Production Deployment

Getting an AI application running locally is the easy part. Running it reliably, cost-efficiently, and at scale in production requires specific strategies for Vercel and the AI SDK.

Vercel Deployment

Deployment Configuration

AI applications on Vercel require special attention:

// next.config.ts
export default {
  experimental: {
    serverActions: {
      bodySizeLimit: '4mb', // For image uploads
    },
  },
}

Environment Variables

Variable	Description	Required
`OPENAI_API_KEY`	OpenAI API key	Yes (with OpenAI)
`ANTHROPIC_API_KEY`	Anthropic API key	Yes (with Anthropic)
`AI_PROVIDER`	Default provider	Optional
`AI_MAX_TOKENS`	Token limit per request	Recommended
`AI_RATE_LIMIT`	Requests per minute	Recommended

Vercel AI Gateway

Vercel offers an AI Gateway as proxy between your application and AI providers:

Caching: Answer identical requests from cache
Rate limiting: Enforce per-user limits
Fallback: Automatically switch to alternative provider on failure
Analytics: Track token consumption, latency, and error rates

Edge Runtime

When to Use Edge Runtime?

Vercel Edge Runtime executes code at globally distributed edge locations — minimal latency:

export const runtime = 'edge'

export async function POST(req: Request) {
  const { messages } = await req.json()

  const result = streamText({
    model: openai('gpt-4.1'),
    messages,
  })

  return result.toDataStreamResponse()
}

Edge Runtime is suitable for:

Simple chat endpoints without database access
Streaming responses (lower time-to-first-byte)
Global applications with users in different regions

Prefer Node.js Runtime for:

Database access (Supabase, Prisma)
File system access
Native Node.js modules
Long-running operations (> 30 seconds)

Rate Limiting

Implementation with Upstash

import { Ratelimit } from '@upstash/ratelimit'
import { Redis } from '@upstash/redis'

const ratelimit = new Ratelimit({
  redis: Redis.fromEnv(),
  limiter: Ratelimit.slidingWindow(10, '1 m'), // 10 requests/minute
})

export async function POST(req: Request) {
  const userId = getUserId(req)
  const { success } = await ratelimit.limit(userId)

  if (!success) {
    return new Response('Rate limit exceeded', { status: 429 })
  }

  // ... AI SDK logic
}

Multi-Level Limits

Level	Limit	Purpose
Free tier	20 requests/day	Testing and onboarding
Pro tier	100 requests/hour	Normal usage
Enterprise	Custom	By agreement
Per-model	Variable	Limit expensive models more

Cost Tracking

Monitor Token Consumption

Every AI call consumes tokens — and tokens cost money:

const result = await generateText({
  model: openai('gpt-4.1'),
  prompt: '...',
})

// Log token consumption
console.log({
  inputTokens: result.usage.promptTokens,
  outputTokens: result.usage.completionTokens,
  totalTokens: result.usage.totalTokens,
  estimatedCost: calculateCost(result.usage),
})

Cost per 1M Tokens (2026)

Model	Input	Output
GPT-4.1	$2.00	$8.00
GPT-4.1 mini	$0.40	$1.60
Claude Sonnet 4	$3.00	$15.00
Gemini 2.5 Flash	$0.15	$0.60

Cost Optimization

Model routing: Simple questions → cheap model, complex → expensive
Prompt caching: Anthropic and OpenAI offer prompt caching with 50–90% discount
Output limits: Set maxTokens to avoid endless responses
Caching layer: Answer frequent questions from cache

A/B Testing & Monitoring

A/B Testing AI Features

const model = abTest('ai-model-test', userId) === 'variant_a'
  ? openai('gpt-4.1-mini')
  : anthropic('claude-sonnet-4-20250514')

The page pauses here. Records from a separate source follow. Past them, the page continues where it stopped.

(* A move that leaves the clean core edges unchanged and moves only the
   searcher of color k.+1 is simulated by a stutter or an abstract
   repositioning of that searcher.  This covers placements, removals and
   slides along edges outside the core. *)
Lemma sim_reposition s s' C k : k < 3 -> guarded_state G ct s' ->
  simulates s (C, abs_positions C s) ->
  (forall i, i < 38 -> (sclean s' (lift_edge n i) <-> sclean s (lift_edge n i))) ->
  (forall k', k' < 3 -> k' != k -> spos s' (sg k') = spos s (sg k')) ->
  exists t', simulates s' t' /\
    (t' = (C, abs_positions C s) \/ t' \in abs_succ (C, abs_positions C s)).
Proof.
move=> Hk HI' [HsC HC _] Hcl Hoth.
have HR' : simulates s' (C, abs_positions C s') by split => // i Hi; rewrite Hcl // HC.
exists (C, abs_positions C s'); split => //; set x := abs_pos C (spos s' (sg k)).
have Hset := abs_positions_set C Hk Hoth; rewrite -/x in Hset.
case: (eqVneq x (abs_pos C (spos s (sg k)))) => [Ex|ne].
  left; congr pair; apply: abs_positions_eq => k' Hk'.
  by case: (eqVneq k' k) => [->|/Hoth -> //]; rewrite -Ex.
right; apply: (abs_succ_reposition (k := k) (x := x)).
  rewrite /reposition_moves; apply/allpairsP; exists (k, x).
  split => //; first by rewrite mem_iota /=; lia.
  case Hx: x => [a|]; rewrite inE //; have [_ _ M] := abs_posP Hx.
  by have [_ _ Hin] := mixed_inner M; rewrite (mem_map (@Some_inj _)) Hin orbT.
rewrite /abs_reposition -Hset nth_abs_positions //.
have -> :
  (if x is Some v then color_ok k v && nth false (map (mixed C) (iota 0 39)) v else true) = true.
  case Hx: x => [a|] //; have [Ep Ha M] := abs_posP Hx; have [_ Ha4 _] := mixed_inner M.
  by rewrite nth_mixed_vector // M andbT (searcher_color_ok HI' Hk Ep).
case Ho: (abs_pos C (spos s (sg k))) => [a|] //; have [_ Ha M] := abs_posP Ho.
by rewrite nth_mixed_vector // M (mixed_guarded HI' HR' M).
Qed.

Lemma slide_geometry k i0 u0 : k < 3 -> i0 < 38 ->
  ecol (nth_edge G (lift_edge n i0)) = ct (sg k) ->
  incid (nth_edge G (lift_edge n i0)) u0 ->
  let e := nth_edge core i0 in
  exists d : bool,
  [/\ (ecol e).-1 = k, u0 = lift_vertex n (if d then eu e else ev e),
      other (nth_edge G (lift_edge n i0)) u0 = lift_vertex n (if d then ev e else eu e) &
      forall a, core_incident a i0 =
                (a == if d then eu e else ev e) || (a == if d then ev e else eu e)].
Proof.
move=> Hk Hi0 Hcol Hinc e; rewrite nth_lift_edge // in Hcol Hinc *.
exists (u0 == lift_vertex n (eu e)); split.
- by move: Hcol; rewrite /lift_e /ecol /= sgP // => ->.
- by case: eqP => [//|ne]; case: Hinc.
- rewrite /other; case: eqP => [E|ne]; first by rewrite -E eqxx.
  by case: eqP => [E|_]; [case: ne | case: Hinc].
- by move=> a; rewrite /core_incident -/e !(eq_sym a); case: ifP => _ //; exact: orbC.
Qed.
Lemma dense_normsq {H : HilbertSpace} (D : RiggedHilbertSpace H) (x : H) (d : R) : 0 < d ->
  exists g, dom D g /\ normsq (hsub x g) < d.
Proof.
  intros Hd. destruct (dom_dense D x (sqrt_lt_R0 _ Hd)) as [g [Hg Hn]].
  exists g. split; [exact Hg|]. rewrite <- hnorm_sq.
  assert (0 <= hnorm (hsub x g)) by apply sqrt_pos.
  pose proof (sqrt_sqrt d (Rlt_le _ _ Hd)).
  assert (hnorm (hsub x g) * hnorm (hsub x g) < sqrt d * sqrt d)
    by (apply Rmult_le_0_lt_compat; lra).
  simpl. lra.
Qed.

Section DenseExtension.

Variables (H : HilbertSpace) (D : RiggedHilbertSpace H) (Phi Psi : H -> R) (K : R).
Hypotheses (Phi_approx : approx_subadditive Phi) (Psi_approx : approx_subadditive Psi)
  (K_nonneg : 0 <= K)
  (Phi_bound : forall x, Phi x <= K * normsq x) (Psi_bound : forall x, Psi x <= K * normsq x)
  (Phi_le_Psi : forall g, dom D g -> Phi g <= Psi g).
Lemma WLin_of_prec_Lin g f : size f = n -> linb P f -> precb g f -> wlinb P g.
Proof.
move=> size_f /linbP[mono_f eq_f] /(precP _ size_f)[le_gf lt_gf].
apply/wlinbP; split=> i j le1_ij; first exact/le_gf/mono_f.
move=> eq_g; case: (eqVneq (nth 0 f i) (nth 0 f j)) => [/eq_f //|neq_f].
have lt_f : nth 0 f i < nth 0 f j by rewrite ltn_neqAle neq_f mono_f.
move: le1_ij; rewrite le1E // => /andP[le_ji _].
case: (ltngtP j i) le_ji => // [lt_ji _|/val_inj -> _]; last by rewrite /qeq qle_refl.
by have := lt_gf j i lt_ji lt_f; rewrite eq_g ltnn.
Qed.

Lemma Lin_prec_leq g f : size f = n -> linb P f -> precb g f -> forall i j : 'I_n,
  (nth 0 f i <= nth 0 f j) =
  (nth 0 g i < nth 0 g j) || (nth 0 g i == nth 0 g j) && qle P i j.
Proof.
move=> size_f /linbP[mono_f eq_f] /(precP _ size_f)[le_gf lt_gf] i j.
case: (ltngtP (nth 0 g i) (nth 0 g j)) => [lt_g|lt_g|eq_g] /=.
- by rewrite leqNgt; apply: contraL lt_g => /ltnW/le_gf; rewrite -leqNgt.
- by apply/negbTE; apply: contraL lt_g => /le_gf; rewrite -leqNgt.
apply/idP/idP => [le_f|le_ij].
  apply: contraT => nle_ij; have le_ji := qle_of_negqle wP nle_ij.
  have lt_f : nth 0 f i < nth 0 f j.
    by rewrite ltn_neqAle le_f andbT; apply: contra nle_ij => /eqP/eq_f/andP[].
  case: (ltngtP i j) => [lt_ij|lt_ji|/val_inj eq_ij]; last by rewrite eq_ij qle_refl in nle_ij.
    by have := mono_f j i; rewrite le1E // (ltnW lt_ij) le_ji leqNgt lt_f => /(_ isT).
  by have := lt_gf j i lt_ji lt_f; rewrite eq_g ltnn.
case: (leqP j i) => [le_ji|lt_ij]; first by apply: mono_f; rewrite le1E // le_ji.
by rewrite leqNgt; apply/negP => /(lt_gf i j lt_ij); rewrite eq_g ltnn.
Qed.

(* The pair [(g_i, level i)] in lexicographic order, encoded in [nat]: levels are at most [n]. *)
Definition refine_key g (i : 'I_n) := nth 0 g i * n.+1 + level i.

Definition refine g := pack [seq refine_key g i | i <- enum 'I_n].

Lemma level_le_size (i : 'I_n) : level i <= n.
Proof. by rewrite /level (leq_trans (max_card _)) ?card_ord. Qed.

Lemma refine_leq g (i j : 'I_n) : (nth 0 (refine g) i <= nth 0 (refine g) j) =
  (nth 0 g i < nth 0 g j) || (nth 0 g i == nth 0 g j) && qle P i j.
Proof.
by rewrite pack_leq ?size_map_enum // !nth_map_enum lex_leq ?level_le_size // level_leq.
Qed.

Lemma refine_Lin g : wlinb P g -> refine g \in Lin P.
Proof.
move=> /wlinbP[mono_g eq_g].
rewrite mem_Lin packed_pack size_pack size_map_enum eqxx /= andbT.
apply/linbP; split=> i j.
  by move=> le1_ij; rewrite refine_leq /qle le1_ij andbT orbC -leq_eqVlt mono_g.
move/eqP; rewrite eqn_leq !refine_leq /qeq.
by case: (ltngtP (nth 0 g i) (nth 0 g j)).
Qed.

Lemma prec_refine g : wlinb P g -> precb g (refine g).
Proof.
move=> /wlinbP[mono_g eq_g].
apply/(precP _ (etrans (size_pack _) (size_map_enum _))); split=> i j.
  by rewrite refine_leq => /orP[/ltnW //|/andP[/eqP-> _]].
move=> lt_ij; rewrite ltnNge refine_leq negb_or negb_and.
case: (ltngtP (nth 0 g j) (nth 0 g i)) => //= eq_g_ji nle_ij.
have := eq_g j i; rewrite le1E // (ltnW lt_ij) qle_of_negqle // => /(_ isT eq_g_ji).
by rewrite /qeq (negbTE nle_ij) andbF.
Qed.

Lemma count_prec_Lin g : count (precb g) (Lin P) = wlinb P g.
Proof.
case wlin_g: (wlinb P g); last first.
  apply/eqP; rewrite eqn0Ngt -has_count; apply/hasPn => f.
  rewrite mem_Lin => /and3P[lin_f _ /eqP size_f]; apply: contraFN wlin_g.
  exact: WLin_of_prec_Lin.
rewrite (@eq_in_count _ _ (pred1 (refine g))) ?count_uniq_mem ?Lin_uniq ?refine_Lin //.
move=> f; rewrite mem_Lin => /and3P[lin_f /eqP f_packed /eqP size_f] /=.
apply/idP/eqP => [prec_gf|->]; last exact: prec_refine.
rewrite -f_packed; apply: eq_pack; first by rewrite size_f size_map_enum.
move=> a b; rewrite size_f => lt_a lt_b.
rewrite (nth_map_enum _ (Ordinal lt_a)) (nth_map_enum _ (Ordinal lt_b)).
rewrite lex_leq ?level_le_size // level_leq //.
exact: (Lin_prec_leq size_f lin_f prec_gf (Ordinal lt_a) (Ordinal lt_b)).
Qed.

End PsiPhi.

(** * Product *)

Section Product.
Variables P Q : dposet.
Local Notation p := (dsize P).
Local Notation q := (dsize Q).

Lemma le1_mul (a b : 'I_p + 'I_q) :
  le1 (dp_mul P Q) (unsplit a) (unsplit b) =
  match a, b with inl x, inl y => le1 P x y | inr x, inr y => le1 Q x y | _, _ => false end.
Proof. by rewrite /le1 /= inE /= !unsplitK. Qed.

Lemma le2_mul (a b : 'I_p + 'I_q) :
  le2 (dp_mul P Q) (unsplit a) (unsplit b) =
  match a, b with inl x, inl y => le2 P x y | inr x, inr y => le2 Q x y
   | inl _, inr _ => true | _, _ => false end.
Proof. by rewrite /le2 /= inE /= !unsplitK. Qed.

Lemma qeq_mul_lshift (x y : 'I_p) : qeq (dp_mul P Q) (lshift q x) (lshift q y) = qeq P x y.
Proof. by rewrite /qeq /qle -!/(unsplit (inl _)) !le1_mul !le2_mul. Qed.

Lemma qeq_mul_rshift (x y : 'I_q) : qeq (dp_mul P Q) (rshift p x) (rshift p y) = qeq Q x y.
Proof. by rewrite /qeq /qle -!/(unsplit (inr _)) !le1_mul !le2_mul. Qed.
(* (Subject expansion.) If $\Gamma\vdash t_2:\sigma$ is derivable in $\cap J$ and $t_1\to_{d\beta} t_2$ is a non-erasing step, then $\Gamma\vdash t_1:\sigma$ is derivable in $\cap J$.
   Context: Terms $\mathtt T_J$: $t,u,r ::= x \mid \lambda x.t \mid t(u,y.r)$ ($y$ bound in $r$), up to $\alpha$-equivalence; $\{u/x\}t$ capture-avoiding substitution. List contexts $\mathtt D ::= \Diamond \mid t(u,y.\mathtt D)$. Distant beta: $\mathtt D\langle\lambda x.t\rangle(u,y.r) \mapsto_{d\beta} \{\{u/x\}\mathtt D\langle t\rangle/y\}r$ (variables bound by $\mathtt D$ not free in $u$, $x$ not in $\mathtt D$), $\to_{d\beta}$ its closure under all contexts. A step is non-erasing if the contracted redex $\mathtt D\langle\lambda x.t\rangle(u,y.r)$ satisfies $x\in\mathrm{fv}(t)$ and $y\in\mathrm{fv}(r)$. System $\cap J$: types $\sigma,\tau ::= \alpha \mid \mathcal M\to\sigma$, $\mathcal M=[\sigma_i]_{i\in I}$ a finite possibly empty multiset; $\sqcup$ multiset union; environments map variables to multisets, $\wedge$ pointwise union, $\Gamma;x:\mathcal M$ extension with $x\notin\mathrm{dom}\,\Gamma$. $\mathrm{ch}(\mathcal M)=\mathcal M$ if $\mathcal M\ne[\,]$, $\mathrm{ch}([\,])=[\tau]$ for an arbitrary $\tau$. Rules: (var) $x:[\sigma]\vdash x:\sigma$; (abs) from $\Gamma;x:\mathcal M\vdash t:\sigma$ infer $\Gamma\vdash\lambda x.t:\mathcal M\to\sigma$; (many) from $(\Gamma_i\vdash t:\sigma_i)_{i\in I}$, $I\ne\emptyset$, infer $\wedge_i\Gamma_i\vdash t:[\sigma_i]_{i\in I}$; (app) from $\Gamma\vdash t:\mathrm{ch}([\mathcal M_i\to\tau_i]_{i\in I})$, $\Delta\vdash u:\mathrm{ch}(\sqcup_i\mathcal M_i)$, $\Lambda;y:[\tau_i]_{i\in I}\vdash r:\sigma$ infer $\Gamma\wedge\Delta\wedge\Lambda\vdash t(u,y.r):\sigma$. *)

(* Terms of Lambda-J in de Bruijn representation (alpha-equivalence
   is built in); intersection type system cap-J with multisets as lists taken up
   to (deep) permutation. *)
From Stdlib Require Import List Permutation Arith.
Import ListNotations.

(* App t u r  represents  t(u, y.r) ; index 0 in r is the bound y. *)
Inductive term : Type :=
| Var : nat -> term
| Lam : term -> term
| App : term -> term -> term -> term.

Fixpoint lift (d c : nat) (t : term) : term :=
  match t with
  | Var n => Var (if Nat.leb c n then n + d else n)
  | Lam t' => Lam (lift d (S c) t')
  | App a b r => App (lift d c a) (lift d c b) (lift d (S c) r)
  end.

const result = streamText({ model, messages })

What to A/B test:

Different models (GPT vs. Claude vs. Gemini)
System prompts (short vs. detailed)
Temperature settings
RAG strategies (top-3 vs. top-5 chunks)

Monitoring Dashboard

Track these metrics in production:

Latency: Time-to-first-token, total response time
Error rate: Provider errors, rate limits, timeouts
Token consumption: Per user, per feature, per day
Cost: Daily, weekly, and monthly AI costs
Quality: User feedback (thumbs up/down), retry rate

Production rule: Deploy AI features behind feature flags. Start with 5% of users, measure costs and quality, and scale gradually to 100%. An uncontrolled rollout can blow up your API bill in hours.